Records contained in a dataset:
Lemma nonint_lt_ceil (x : R) : x \isn't a Num.int -> x < (Num.ceil x)%:~R.
Proof.
move=> xNint; rewrite lt_neqAle ceil_ge andbT.
by apply: contraNN xNint => /eqP ->; rewrite rpred_int.
Qed.

Lemma int_interval_int_hull (m n : int) (x y : R) :
  m%:~R <= x <= n%:~R -> in_int_hull x y -> m%:~R <= y <= n%:~R.
Proof.
case/andP=> mx xn /andP[fy yc]; apply/andP; split.
- by apply: le_trans fy; rewrite ler_int floor_ge_int.
- by apply: le_trans yc _; rewrite ler_int ceil_le_int.
Qed.

Lemma int_in_int_hull (x y : R) : x \is a Num.int -> in_int_hull x y -> y = x.
Proof.
move=> xint; rewrite /in_int_hull ceil_floor xint addr0 -{3}(floorK xint).
by move=> /andP[fy yf]; apply/le_anti; rewrite yf.
Qed.

Lemma rounding_step (O : finType) (x e : O -> R) o0 :
  e o0 != 0 -> (forall o, e o != 0 -> x o \isn't a Num.int) ->
  exists2 t : R, 0 < t &
    (forall o, in_int_hull (x o) (x o + t * e o)) /\
    exists2 o, e o != 0 & x o + t * e o \is a Num.int.
Proof.
move=> eo0 xNint.
pose bound o : R := (if 0 < e o then Num.ceil (x o) else Num.floor (x o))%:~R.
(* [r o] is the time at which coordinate [o] reaches the end of its integral
   hull; the step stops at the first of these times. *)
pose r o := (bound o - x o) / e o.
have r_gt0 o : e o != 0 -> 0 < r o.
  move=> eo; have fx := nonint_floor_lt (xNint o eo).
  have xc := nonint_lt_ceil (xNint o eo).
  rewrite /r /bound; case: (ltrP 0 (e o)) => [e_gt0|e_le0].
    by rewrite divr_gt0 // subr_gt0.
  by rewrite ltr_ndivlMr ?mul0r ?subr_lt0 // lt_neqAle eo e_le0.
case: (@arg_minP _ _ _ o0 (fun o => e o != 0) r eo0) => os eos r_min.
exists (r os); first exact: r_gt0.
split; last by exists os; rewrite // divfK // addrC subrK rpred_int.
move=> o; have fx := floor_le (x o); have xc := ceil_ge (x o).
have [->|eo] := eqVneq (e o) 0; first by rewrite mulr0 addr0 /in_int_hull fx xc.
have := r_min o eo; have := r_gt0 os eos; rewrite /r /bound.
set t := _ / e os; case: (ltrP 0 (e o)) => [e_gt0|e_le0] t_gt0.
  rewrite ler_pdivlMr // => te.
  have : 0 <= t * e o by rewrite mulr_ge0 // ltW.
  by rewrite /in_int_hull; lra.
have e_lt0 : e o < 0 by rewrite lt_neqAle eo e_le0.
rewrite ler_ndivlMr // => te.
have : t * e o <= 0 by rewrite mulr_ge0_le0 // ltW.
by rewrite /in_int_hull; lra.
Qed.

End IntHull.

Lemma int_or_int_interval_int_hull (B : rat -> Prop) x y :
  int_or_int_interval B -> B x -> in_int_hull x y -> B y.
Proof.
case=> [B_int|[m [n [_ BE]]]] Bx xy.
- by rewrite (int_in_int_hull _ xy) //; apply/intrP; exact: B_int Bx.
- by apply/BE/andP/(int_interval_int_hull _ xy)/andP/BE.
Qed.

Lemma exists_nontrivial_solution (K : fieldType) (I J : finType)
    (P : pred I) (Q : pred J) (M : I -> J -> K) :
  (#|Q| < #|P|)%N ->
  exists2 d : I -> K, (forall i, ~~ P i -> d i = 0) &
    (exists i, d i != 0) /\ forall j, Q j -> \sum_i d i * M i j = 0.
Proof.
move=> QltP.
pose Mx : 'M[K]_(#|P|, #|Q|) := \matrix_(k, l) M (enum_val k) (enum_val l).
have : kermx Mx != 0.
  rewrite -mxrank_eq0 mxrank_ker subn_eq0 -ltnNge.
  exact: leq_ltn_trans (rank_leq_col Mx) QltP.
case/rowV0Pn => v /sub_kermxP vMx v_neq0.
pose d i := \sum_(k | enum_val k == i) v 0 k.
have dE k : d (enum_val k) = v 0 k.
  by rewrite /d (big_pred1 k) // => k'; apply/eqP/eqP => [/enum_val_inj|->].
exists d.
  move=> i Pi; apply: big_pred0 => k; apply: contraNF Pi => /eqP <-.
  exact: enum_valP.
split.
  have [k vk|v0] := pickP (fun k => v 0 k != 0).
    by exists (enum_val k); rewrite dE.
  case/eqP: v_neq0; apply/rowP => k; by rewrite mxE; apply/eqP/negbFE/v0.
move=> j Qj; have Qj' : j \in Q by [].
have := congr1 (fun B : 'rV_#|Q| => B 0 (enum_rank_in Qj' j)) vMx.
rewrite !mxE => vMx_j; apply: etrans vMx_j; rewrite /d.
under eq_bigr do rewrite mulr_suml.
rewrite (exchange_big_dep xpredT) //=; apply: eq_bigr => k _.
by rewrite (big_pred1 (enum_val k)) ?mxE ?enum_rankK_in.
Qed.

Lemma int_sum_other_nonint (R : archiNumDomainType) (I : finType) (P : pred I)
    (x : I -> R) i :
  \sum_(j | P j) x j \is a Num.int -> P i -> x i \isn't a Num.int ->
  exists j, [&& j != i, P j & x j \isn't a Num.int].
Proof.
move=> sum_int Pi xi_nonint.
have [j|others_int] := pickP (fun j => [&& j != i, P j & x j \isn't a Num.int]).
  by exists j.
have rest_int : \sum_(j | P j && (j != i)) x j \is a Num.int.
  apply: rpred_sum => j /andP[Pj ji].
  by move: (others_int j); rewrite ji Pj /= => /negbFE.
case/negP: xi_nonint; move: sum_int; rewrite (bigD1 i) //=.
by move=> /rpredB/(_ rest_int); rewrite addrK.
Qed.

Lemma exists_max_nat (P : nat -> Prop) (N : nat) :
  P 0%N -> (forall n, P n -> (n <= N)%N) ->
  exists2 n, P n & forall m, P m -> (m <= n)%N.
Proof.
elim: N => [|N IH] P0 P_le; first by exists 0%N => // m /P_le.
have [PN1|PN1] := classic (P N.+1); first by exists N.+1.
apply: IH => // m Pm; have := P_le m Pm; rewrite leq_eqVlt => /predU1P[mN1|//].
by rewrite mN1 in Pm.
Qed.

Section BipartiteWeighting.
Variables (K : fieldType) (U W : finType).
Implicit Types (F : {set U * W}) (f : U * W -> K) (v : U + W).

Definition incident v (a : U * W) : bool :=
  match v with inl u => a.1 == u | inr w => a.2 == w end.

Definition arcsum F f v : K := \sum_(a in F | incident v a) f a.

Definition degree F v : nat := #|[set a in F | incident v a]|.

Lemma sum_arcsum_inl F f : \sum_u arcsum F f (inl u) = \sum_(a in F) f a.
Proof. by rewrite (partition_big fst xpredT). Qed.

Lemma sum_arcsum_inr F f : \sum_w arcsum F f (inr w) = \sum_(a in F) f a.
Proof. by rewrite (partition_big snd xpredT). Qed.

Lemma sum_degree F : (\sum_v degree F v = #|F| + #|F|)%N.
Proof.
have parts (X : finType) (p : U * W -> X) :
    (\sum_x #|[set a in F | p a == x]| = #|F|)%N.
  rewrite -sum1_card (partition_big p xpredT) //; apply: eq_bigr => x _.
  by rewrite -sum1_card; apply: eq_bigl => a; rewrite inE.
by rewrite big_sumType (parts _ fst) (parts _ snd).
Qed.

Lemma arcsum_degree0 F f v : degree F v = 0%N -> arcsum F f v = 0.
Proof.
move=> /eqP; rewrite cards_eq0 => /eqP Fv0; apply: big_pred0 => a.
by have := congr1 (fun S : {set U * W} => a \in S) Fv0; rewrite !inE => ->.
Qed.

Lemma arcsum_incidence F f v : (forall a, a \notin F -> f a = 0) ->
  arcsum F f v = \sum_a f a * (incident v a)%:R.
Proof.
move=> f_supp; rewrite /arcsum big_mkcond; apply: eq_bigr => a _.
have [aF|/f_supp->] := boolP (a \in F);
  by case: (incident v a); rewrite ?mulr0 ?mulr1.
Qed.

(* An arc has one end on each side, so the arcsums on the two sides agree. *)
Lemma arcsum_eq0_all_but_one F f v1 :
  (forall v, v != v1 -> arcsum F f v = 0) -> arcsum F f v1 = 0.
Proof.
move=> others0; have := sum_arcsum_inl F f; rewrite -sum_arcsum_inr.
case: v1 others0 => [u1|w1] others0.
- rewrite (bigD1 u1) //= big1 ?addr0 => [->|u uu1]; last exact: others0.
  by rewrite big1 // => w _; apply: others0.
- rewrite [RHS](bigD1 w1) //= [in RHS]big1 ?addr0 => [<-|w ww1].
    by rewrite big1 // => u _; apply: others0.
  exact: others0.
Qed.

Lemma exists_balanced_weighting F (P : pred (U + W)) :
  F != set0 -> (forall v, P v -> degree F v != 1%N) ->
  exists2 d : U * W -> K, (forall a, a \notin F -> d a = 0) &
    (exists a, d a != 0) /\ forall v, P v -> arcsum F d v = 0.
Proof.
move=> /set0Pn[[u0 w0] a0F] P_deg.
pose touched v := (0 < degree F v)%N.
(* The condition at v1 can be dropped: either P v1 fails, or P holds at every
   touched vertex and the condition at v1 follows from the others. *)
have [v1 v1_touched v1_free] : exists2 v1, touched v1 &
    (P v1 -> forall v, touched v -> P v).
  have [/existsP[v /andP[tv Pv]]|all_P] := boolP [exists v, touched v && ~~ P v].
    by exists v => // Pv'; rewrite Pv' in Pv.
  exists (inl u0) => [|_ v tv].
    by apply/card_gt0P; exists (u0, w0); rewrite inE a0F /=.
  by apply: contraNT all_P => Pv; apply/existsP; exists v; rewrite tv.
pose Q v := [&& touched v, P v & v != v1].
have QltF : (#|Q| < #|F|)%N.
  (* 2 #|Q| + 1 <= \sum_v degree F v = 2 #|F| *)
  have : (\sum_v ((if Q v then 2 else 0) + (if v == v1 then 1 else 0))
           <= \sum_v degree F v)%N.
    apply: leq_sum => v _; rewrite /Q.
    have [->|_] := eqVneq v v1; rewrite ?andbF ?andbT; first exact: v1_touched.
    case: (boolP (touched v)) => //= tv; case Pv: (P v) => //.
    by have := P_deg v Pv; rewrite /touched in tv; lia.
  rewrite big_split /= -!big_mkcond sum_nat_const /= big_pred1_eq sum_degree.
  by rewrite /= cardE; lia.
have [d d_supp [d_nz d_bal]] :=
  exists_nontrivial_solution (fun a v => (incident v a)%:R : K) QltF.
have QE v : v != v1 -> P v -> arcsum F d v = 0.
  move=> vv1 Pv; have [tv|] := boolP (touched v).
    by rewrite arcsum_incidence // d_bal // /Q tv Pv.
  by rewrite -eqn0Ngt => /eqP; apply: arcsum_degree0.
exists d => //; split=> // v Pv.
have [v_v1|vv1] := eqVneq v v1; last exact: QE.
rewrite v_v1 in Pv *.
apply: arcsum_eq0_all_but_one => v' v'v1.
have [tv'|] := boolP (touched v'); first exact: QE v' v'v1 (v1_free Pv v' tv').
by rewrite -eqn0Ngt => /eqP; apply: arcsum_degree0.
Qed.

• **INSTRUCTIONS FOR THE TASK**: In the records above, the line with "move=> sum_int Pi xi_nonint." marks the start and the line with "have [PN1|PN1] := classic" marks the end; copy that stretch exactly, both lines included, and nothing else.

• **YOUR RESPONSE**:
move=> sum_int Pi xi_nonint.
have [j|others_int] := pickP (fun j => [&& j != i, P j & x j \isn't a Num.int]).
  by exists j.
have rest_int : \sum_(j | P j && (j != i)) x j \is a Num.int.
  apply: rpred_sum => j /andP[Pj ji].
  by move: (others_int j); rewrite ji Pj /= => /negbFE.
case/negP: xi_nonint; move: sum_int; rewrite (bigD1 i) //=.
by move=> /rpredB/(_ rest_int); rewrite addrK.
Qed.

Lemma exists_max_nat (P : nat -> Prop) (N : nat) :
  P 0%N -> (forall n, P n -> (n <= N)%N) ->
  exists2 n, P n & forall m, P m -> (m <= n)%N.
Proof.
elim: N => [|N IH] P0 P_le; first by exists 0%N => // m /P_le.
have [PN1|PN1] := classic (P N.+1); first by exists N.+1.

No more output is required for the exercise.